La maison bleue pose essentiellement la question suivante : «A-t-on les moyens de nos ambitions?» Parce que, même 25 ans après son indépendance, le Québec ne parvient pas à se sortir du débat identitaire. Ricardo Trogi, en nomination au Gala Québec Cinéma dimanche soir prochain pour son film 1991, s’étonne que personne n’ait eu l’idée de faire une série sur ce sujet. Y’a-t-il un risque qu’on accuse la série de mépris envers le projet souverainiste? «C’est de la comédie, je ne peux pas y aller à moitié. On a fait attention pour que le Québec et le Canada soient couillons ou stupides égaux dans leurs façons de gérer leur propre pays. Il y a un souci d’équilibre, aussi en terme de diversité», affirme Trogi, qui s’attend à recevoir plus de réactions que pour ses œuvres précédentes. Après tout, la politique est une religion. «Mais je ne virerai pas fou non plus avec ça.»

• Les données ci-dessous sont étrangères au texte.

Lemma gram_mx_ker c : gram_mx *m c = 0 -> lincomb c = 0.
Proof.
move=> Gc0; apply: H_aniso; rewrite {1}/lincomb (bform_suml H_linl) big1 // => i _.
have := congr1 (fun v : 'cV_p => v i 0) (col_form_lincomb c).
by rewrite Gc0 !mxE H_sym => ->; rewrite mulr0.
Qed.

Lemma col_form_in_gram_range w : exists D, \col_j H w (d j) = gram_mx *m D.
Proof.
set b := \col_j H w (d j).
suff /submxP [D eD] : (b^T <= gram_mx)%MS.
  by exists D^T; rewrite -tr_gram_mx -trmx_mul -eD trmxK.
rewrite submxE; apply/eqP/matrixP => i k; rewrite ord1 !mxE.
have Gcol0 : gram_mx *m col k (cokermx gram_mx) = 0.
  by rewrite colE mulmxA mulmx_coker mul0mx.
have := congr1 (H w) (gram_mx_ker Gcol0).
rewrite /lincomb (bform_sumr H_linl H_sym) (bform0r H_linl H_sym) => e.
by rewrite -[RHS]e; apply: eq_bigr => j _; rewrite !mxE mulrC.
Qed.

Lemma pinv_gram_projection (Gp : 'M[R]_p) w :
  is_pinv gram_mx Gp ->
  is_projection H [set x | exists c, x = lincomb c] w
    (lincomb (Gp *m \col_j H w (d j))).
Proof.
move=> GGpG; split; first by eexists.
move=> _ [c ->]; rewrite !(bform_sumr H_linl H_sym); apply: eq_bigr => j _.
congr (_ * _); have [D eD] := col_form_in_gram_range w.
have := congr1 (fun v : 'cV_p => v j 0) (col_form_lincomb (Gp *m \col_j H w (d j))).
by rewrite mxE => ->; rewrite eD !mulmxA GGpG -eD mxE.
Qed.

End GramProjection.

Section Parametrization.
Context {R : realType} {X : normedModType R} {p : nat}.

Lemma diff_param_lincomb (P : 'cV[R]_p -> X) th c :
  'd P th c = lincomb (partial_param P th) c.
Proof.
rewrite {1}(matrix_sum_delta c) linear_sum; apply: eq_bigr => i _.
by rewrite big_ord1 linearZ.
Qed.

Lemma euclid_grad_comp ip E gE (P : 'cV[R]_p -> X) th :
  is_gradient ip E gE -> differentiable P th ->
  euclid_grad (E \o P) th = \col_i ip (gE (P th)) (partial_param P th i).
Proof.
move=> hgrad dP; apply/matrixP => i j; rewrite !mxE.
by have [dE dEE] := hgrad (P th); rewrite diff_comp //= dEE.
Qed.

End Parametrization.

Section DifferenceQuotients.
Context {R : realType} {V W : normedModType R}.

Lemma diff_quotient_lim (f : V -> W) u v (g : R -> W) (q : W) :
  differentiable f u ->
  (forall h : R, h != 0 -> h^-1 *: (f (h *: v + u) - f u) = g h) ->
  g @ 0^' --> q -> 'd f u v = q.
Proof.
move=> df eg cg; rewrite -deriveE // /derive; apply: cvg_lim => //.
apply: cvg_trans cg; apply: near_eq_cvg; near=> h.
by rewrite /= eg //; near: h; exact: nbhs_dnbhs_neq.
Unshelve. all: end_near. Qed.

Lemma diff_remainder_le (f : V -> W) u eps : differentiable f u -> 0 < eps ->
  exists2 d, 0 < d & forall z, `|z| < d ->
    `|f (u + z) - f u - 'd f u z| <= eps * `|z|.
Proof.
move=> df eps_gt0; have [_ /eqaddoP fo] := (diff_locallyP _ _).1 df.
have /nbhs_norm0P [d d_gt0 hd] := fo eps eps_gt0.
exists d => // z /hd.
rewrite -[X in `|X| <= _ -> _]/(f (z + u) - (f u + 'd f u z)).
by rewrite (addrC z) opprD addrA.
Qed.

End DifferenceQuotients.

Section Gradient.
Context {R : realType} {X : normedModType R} (ip : X -> X -> R)
  (hip : is_inner_product ip) (E : X -> R) (gE : X -> X)
  (hgrad : is_gradient ip E gE).

Lemma is_derive_along x v (s : R) :
  is_derive s 1 (fun t : R => E (x + t *: v)) (ip (gE (x + s *: v)) v).
Proof.
set y := x + s *: v; have [dE dEE] := hgrad y.
have quotE : (fun h : R => h^-1 *: (E (x + (h *: 1 + s) *: v) - E y)) =
             (fun h : R => h^-1 *: (E (h *: v + y) - E y)).
  by apply/funext => h; rewrite [h *: 1]mulr1 scalerDl addrCA.
split; rewrite /derivable /derive /= quotE; first exact: diff_derivable.
by rewrite -[lim _]/('D_v E y) deriveE.
Qed.

Lemma gradient_eq0_at_min ustar : (forall u, E ustar <= E u) -> gE ustar = 0.
Proof.
move=> hmin; apply: (ip_eq hip) => v; rewrite (bform0l (ip_linl hip)).
have := is_derive_along ustar v 0; rewrite scale0r addr0 => dE0.
have : is_derive (0 : R) 1 (fun t : R => E (ustar + t *: v)) 0.
  apply: (@derive1_at_min _ _ (-1) 1) => //.
  - by move=> t _; have [] := is_derive_along ustar v t.
  - by rewrite in_itv /= ltrN10 ltr01.
  - by move=> t _; rewrite scale0r addr0.
by move=> [_]; rewrite derive_val.
Qed.

End Gradient.

Section QuadraticEnergy.
Context {R : realType} {X : normedModType R} (ip : X -> X -> R)
  (hip : is_inner_product ip) (E : X -> R) (gE : X -> X)
  (hgrad : is_gradient ip E gE) (a : X -> X -> R) (a_bilin : is_bilin_form a)
  (a_sym : symm_form a) (l : X -> R)
  (l_lin : forall (c : R) x y, l (c *: x + y) = c * l x + l y) (c0 : R)
  (hE : forall u, E u = a u u / 2 + l u + c0).

Let a_linl : left_linear a := a_bilin.1.
Let ip_lin : left_linear ip := ip_linl hip.

Lemma diff_quadratic u v : 'd E u v = a u v + l v.
Proof.
pose q h := (a u v + l v) + h * (a v v / 2).
apply: (@diff_quotient_lim _ _ _ _ _ _ q); first by have [] := hgrad u.
  move=> h h_neq0; rewrite !hE l_lin (bformDl a_linl) !(bformDr a_linl a_sym).
  rewrite (bformZl a_linl) !(bformZr a_linl a_sym) (bformZl a_linl) (a_sym v u).
  by rewrite /q [_ *: _]mulrC; field.
have q_cvg : q @ (0 : R) --> (a u v + l v) + 0 * (a v v / 2).
  exact: (cvgD (cvg_cst _) (cvgM cvg_id (cvg_cst _))).
by rewrite mul0r addr0 in q_cvg; exact: cvg_within_filter.
Qed.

Guy Nadon, qui incarne ce président rempli de bonne volonté, a le privilège et le luxe de cumuler en parallèle les rôles dramatiques et comiques depuis plusieurs années. «La vie d’un acteur est fantasmique. Je passe ma vie à me réaliser à travers quelqu’un d’autre que moi-même», confie le comédien avec un brin d’excitation. «Même O’ pouvait me permettre de juxtaposer le ridicule au drame des êtres humains. J’ai souvent vu ça dans ma propre vie, que ce soit dans les salons mortuaires ou les mariages.» Et si on avait dit Oui en 1995? «On aurait plus d’ambassadeurs, plus de compétences qui nous seraient utiles. C’est pour ça que les gens font des pays, pour devenir plus compétents», croit Guy Nadon, qui portait une écharpe au bras sur le plateau. La cause : une bataille du président avec son voisin fédéraliste, venu s’installer juste à côté juste pour lui rendre la vie impossible.
Aucun politicien ne retrouvera sa parodie dans La maison bleue, pas plus François Legault que Manon Massé. Le président américain ne s’appelle ni Flump, ni Crump, il s’appelle plutôt Lester Richards et a les cheveux blancs, pas oranges. On imagine tout de même qu’il est républicain. Le rôle a été confié à Bruce Gregory Dinsmore — vous vous souvenez du chum anglophone de Lola dans Chambres en ville? Ricardo Trogi, qui coécrit la série avec Daniel Savoie, avec la collaboration de Louis Morissette, miserait sur une deuxième saison pour faire apparaître un président français, et pour s’intéresser davantage aux opposants du parti de Jacques Hamelin, Nation Québec. Commençons par voir la première saison.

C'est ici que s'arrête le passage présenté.